Debit Card:
It is a type of card issued for making payments and the amount gets deducted from the payer’s account itself, thus eliminates the use of cash as well as cheques in order to make payments and thus provides convenience to its holders. Also, a particular limit is specified for overdraft coverage to help customers when they fall short of funds apart from the amount they actually have in their account balances. In addition to this, they have daily limits for the amounts to be utilized through them.
Credit Card:
Credit card is issued to give option to the holders to borrow funds at a specified point-of-sale. These are used for financing in short term and charge interest. Generally, interest is charged after one month after purchase and borrowings limits are based upon individual credit ratings.

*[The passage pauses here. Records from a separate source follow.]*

Lemma nat_w_dominating_pair w x y : x != y ->
  nat_w_dominating w (fun u => (u == x) + (u == y)) <->
  dominating_pair (nth 0 w 0) (nth 0 w 1) x y.
Proof.
move=> xy; split=> [dom | [exy dom] v].
- split; first by have := dom x; rewrite nbsum_pair eqxx (negbTE xy) e_irr.
  by move=> v vx vy; have := dom v; rewrite nbsum_pair (negbTE vx) (negbTE vy).
- rewrite nbsum_pair; case: (eqVneq v x) => [-> | vx]; first by rewrite (negbTE xy) e_irr.
  case: (eqVneq v y) => [-> | vy]; last exact: dom.
  by rewrite e_irr e_sym addn0.
Qed.

Lemma exists_w_dominating_ffun w (P : nat -> Prop) :
  (exists f : {ffun T -> 'I_(size w)}, w_dominating e f /\ P (fweight f)) <->
  exists g, (forall u, g u < size w) /\ nat_w_dominating w g /\ P (\sum_u g u).
Proof.
split=> [[f [dom Pf]] | [g [g_lt [dom Pg]]]]; first by exists (fun u => f u).
pose f : {ffun T -> 'I_(size w)} := [ffun u => Ordinal (g_lt u)].
have fE : (fun u => nat_of_ord (f u)) =1 g by move=> u; rewrite ffunE.
exists f; split; first exact/(eq_nat_w_dominating _ fE).
by rewrite /fweight (eq_bigr _ (fun u _ => fE u)).
Qed.

Lemma exists_w_dominating_weight_lt2 w : 0 < nth 0 w 0 -> 1 < #|T| ->
  (exists g, (forall u, g u < size w) /\ nat_w_dominating w g /\ \sum_u g u < 2) <->
  1 < size w /\ nth 0 w 1 = 0 /\ nth 0 w 0 <= 1 /\ exists x, universal x.
Proof.
move=> a_gt0 T_gt1; split=> [[g [g_lt [dom g_le1]]] | [w_gt1 [w10 univ]]].
- have /card_gt0P [x0 _] : 0 < #|T| by apply: ltnW.
  have [x gE] := sum_nat_le1 x0 g_le1.
  move/(eq_nat_w_dominating _ gE)/nat_w_dominating_point: dom => [wk0 dom].
  have sum1 : \sum_u g u = 1 by move: wk0 g_le1; case: (\sum_u g u) => [|[|]] //; lia.
  rewrite sum1 in wk0 dom; split; first by have := g_lt x; rewrite gE eqxx sum1.
  by split=> //; apply/exists_universal_threshold => //; exists x.
- have [x dom] := (exists_universal_threshold 1 a_gt0 T_gt1).2 univ.
  exists (fun u => (u == x) * 1); split; first by move=> u; case: (u == x); lia.
  split; first exact/nat_w_dominating_point.
  by rewrite -big_distrl sum_indicator.
Qed.

Lemma exists_w_dominating_weight2 w : 0 < nth 0 w 0 -> 1 < #|T| ->
  (exists g, (forall u, g u < size w) /\ nat_w_dominating w g /\ \sum_u g u = 2) <->
  (2 < size w /\ nth 0 w 2 = 0 /\ nth 0 w 0 <= 2 /\ exists x, universal x) \/
  (1 < size w /\ exists x y, x != y /\ dominating_pair (nth 0 w 0) (nth 0 w 1) x y).
Proof.
move=> a_gt0 T_gt1.
split=> [[g [g_lt [dom /sum_nat_eq2 [[x gE] | [x [y [xy gE]]]]]]] | ].
- left; move/(eq_nat_w_dominating _ gE)/nat_w_dominating_point: dom => [w20 dom].
  split; first by have := g_lt x; rewrite gE eqxx.
  by split=> //; apply/exists_universal_threshold => //; exists x.
- right; move/(eq_nat_w_dominating _ gE)/(nat_w_dominating_pair _ xy): dom.
  move=> pair; split; last by exists x, y.
  by have := g_lt x; rewrite gE eqxx (negbTE xy).
case=> [[w_gt2 [w20 univ]] | [w_gt1 [x [y [xy pair]]]]].
- have [x dom] := (exists_universal_threshold 2 a_gt0 T_gt1).2 univ.
  exists (fun u => (u == x) * 2); split; first by move=> u; case: (u == x); lia.
  split; first exact/nat_w_dominating_point.
  by rewrite -big_distrl sum_indicator.
- exists (fun u => (u == x) + (u == y)); split.
    move=> u; apply: leq_ltn_trans w_gt1.
    by case: (eqVneq u x) => [-> | _]; rewrite ?(negbTE xy) //; case: (u == y).
  split; first exact/nat_w_dominating_pair.
  by rewrite big_split !sum_indicator.
Qed.

Lemma gamma_w_eq2 w : 0 < nth 0 w 0 -> 1 < #|T| ->
  gamma_w_eq e w 2 <->
  ((2 < size w /\ nth 0 w 2 = 0 /\ nth 0 w 0 <= 2 /\ exists x, universal x) \/
   (1 < size w /\ exists x y, x != y /\ dominating_pair (nth 0 w 0) (nth 0 w 1) x y)) /\
  ~ (1 < size w /\ nth 0 w 1 = 0 /\ nth 0 w 0 <= 1 /\ exists x, universal x).
Proof.
move=> a_gt0 T_gt1; rewrite /gamma_w_eq is_min_valueE.
rewrite (exists_w_dominating_ffun w (fun k => k = 2)).
rewrite (exists_w_dominating_ffun w (fun k => k < 2)).
by rewrite exists_w_dominating_weight2 // exists_w_dominating_weight_lt2.
Qed.

End WeightedDomination.

Section DominatingSets.
Variables (T : finType) (e : rel T).
Hypotheses (e_sym : symmetric e) (e_irr : irreflexive e).

Lemma exists_card_eq2 (P : {set T} -> Prop) (Q : T -> T -> Prop) :
  (forall x y, x != y -> P [set x; y] <-> Q x y) ->
  (exists S, P S /\ card_set S = 2) <-> exists x y, x != y /\ Q x y.
Proof.
move=> PQ; split=> [[S [PS /eqP/cards2P [x [y [xy SE]]]]] | [x [y [xy Qxy]]]].
  by exists x, y; split=> //; apply/(PQ _ _ xy); rewrite -SE.
by exists [set x; y]; split; [exact/(PQ _ _ xy) | rewrite /card_set cards2 xy].
Qed.

Lemma min_card_eq2 (P : {set T} -> Prop) (Q : T -> T -> Prop) :
  (forall S, P S -> 2 <= #|S|) -> (forall x y, x != y -> P [set x; y] <-> Q x y) ->
  is_min_value P (@card_set T) 2 <-> exists x y, x != y /\ Q x y.
Proof. by move=> lb /exists_card_eq2 <-; split=> [[] | ]. Qed.

Lemma dominating_set0 (v : T) : ~ dominating e set0.
Proof. by case/(_ v) => [|[u]]; rewrite inE. Qed.

Lemma dominating_set1 z : dominating e [set z] <-> universal e z.
Proof.
split=> [dom v vz | univ v].
  by case: (dom v) => [|[u]]; rewrite !inE ?(negbTE vz) // => /eqP->.
case: (eqVneq v z) => [-> | /univ evz]; first by left; rewrite set11.
by right; exists z; rewrite ?set11.
Qed.

Lemma dominating_set2 x y : dominating e [set x; y] <-> dominating_pair e 1 0 x y.
Proof.
split=> [dom | [_ dom] v].
  split=> // v vx vy; rewrite addn_gt0 !lt0b.
  by case: (dom v) => [|/ex_in_set2 //]; rewrite !inE (negbTE vx) (negbTE vy).
have [|] := boolP (v \in [set x; y]); [by left | rewrite !inE negb_or => /andP[vx vy]].
by right; apply/ex_in_set2; have := dom v vx vy; rewrite addn_gt0 !lt0b.
Qed.

Lemma dominating_card_lt2 : 0 < #|T| ->
  (exists S, dominating e S /\ card_set S < 2) <-> exists x, universal e x.
Proof.
move=> /card_gt0P [v _]; split=> [[S [dom]] | [x /dominating_set1 dom]]; last first.
  by exists [set x]; rewrite /card_set cards1.
rewrite /card_set ltnS leq_eqVlt ltnS leqn0 cards_eq0 => /orP[/cards1P [x SE] | /eqP S0].
  by exists x; apply/dominating_set1; rewrite -SE.
by case: (dominating_set0 v); rewrite -S0.
Qed.

Lemma gamma_eq1 : 0 < #|T| -> gamma_eq e 1 <-> exists x, universal e x.
Proof.
move=> /card_gt0P [v _]; rewrite /gamma_eq is_min_valueE.
split=> [[[S [dom /eqP/cards1P [x SE]]] _] | [x /dominating_set1 dom]].
  by exists x; apply/dominating_set1; rewrite -SE.
split; first by exists [set x]; rewrite /card_set cards1.
case=> S [domS]; rewrite /card_set ltnS leqn0 cards_eq0 => /eqP S0.
by apply: (dominating_set0 v); rewrite -S0.
Qed.

Lemma gamma_eq2 : 0 < #|T| ->
  gamma_eq e 2 <->
  ~ (exists x, universal e x) /\ exists x y, x != y /\ dominating_pair e 1 0 x y.
Proof.
move=> T_gt0; rewrite /gamma_eq is_min_valueE (dominating_card_lt2 T_gt0).
by rewrite (exists_card_eq2 (fun x y _ => dominating_set2 x y)); split=> [[] | []].
Qed.

Lemma total_dominating_set2 x y :
  total_dominating e [set x; y] <-> dominating_pair e 1 1 x y.
Proof.
split=> [dom | [exy dom] v].
  have {}dom v : e v x || e v y by apply/ex_in_set2.
  split; first by have := dom x; rewrite e_irr lt0b.
  by move=> v _ _; rewrite addn_gt0 !lt0b.
apply/ex_in_set2; case: (eqVneq v x) => [-> | vx]; first by move: exy; rewrite lt0b e_irr.
case: (eqVneq v y) => [-> | vy]; first by move: exy; rewrite lt0b e_irr e_sym orbF.
by have := dom v vx vy; rewrite addn_gt0 !lt0b.
Qed.

Lemma total_dominating_card_ge2 S : 0 < #|T| -> total_dominating e S -> 2 <= #|S|.
Proof.
move=> /card_gt0P [v _] dom; have [u uS _] := dom v; have [u' u'S euu'] := dom u.
apply/card_gt1P; exists u, u'; split=> //.
by apply: contraTneq euu' => ->; rewrite e_irr.
Qed.

Lemma gamma_t_eq2 : 0 < #|T| ->
  gamma_t_eq e 2 <-> exists x y, x != y /\ dominating_pair e 1 1 x y.
Proof.
move=> T_gt0; apply: min_card_eq2 => [S | x y _]; first exact: total_dominating_card_ge2.
exact: total_dominating_set2.
Qed.

Lemma two_dominating_set2 x y :
  x != y -> two_dominating e [set x; y] <-> dominating_pair e 2 0 x y.
Proof.
move=> xy; split=> [dom | [_ dom] v].
  split=> // v vx vy; rewrite -card_set2_filter //.
  by apply: dom; rewrite !inE negb_or vx vy.
by rewrite !inE negb_or card_set2_filter // => /andP[]; apply: dom.
Qed.

Lemma two_dominating_card_ge2 S : 1 < #|T| -> two_dominating e S -> 2 <= #|S|.
Proof.
move=> T_gt1 dom; rewrite leqNgt; apply/negP => S_lt2.
have [v /dom] : exists v, v \notin S by apply: exists_notin; lia.
by move/leq_trans/(_ (card_setId_le _ _)); lia.
Qed.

To explain: The way of deriving benefits from customers in lieu of allowing them to use credit cards
Explanation of Solution
The credit card issuers earn profits by allowing the customers to use it in the following manner:
• Whenever the holder makes payment by using his or her credit card a certain percentage of purchases made through the card gets accumulated in interchange fees and most of the amount goes to the issuing bank and the other part is for the party managing the credit card account.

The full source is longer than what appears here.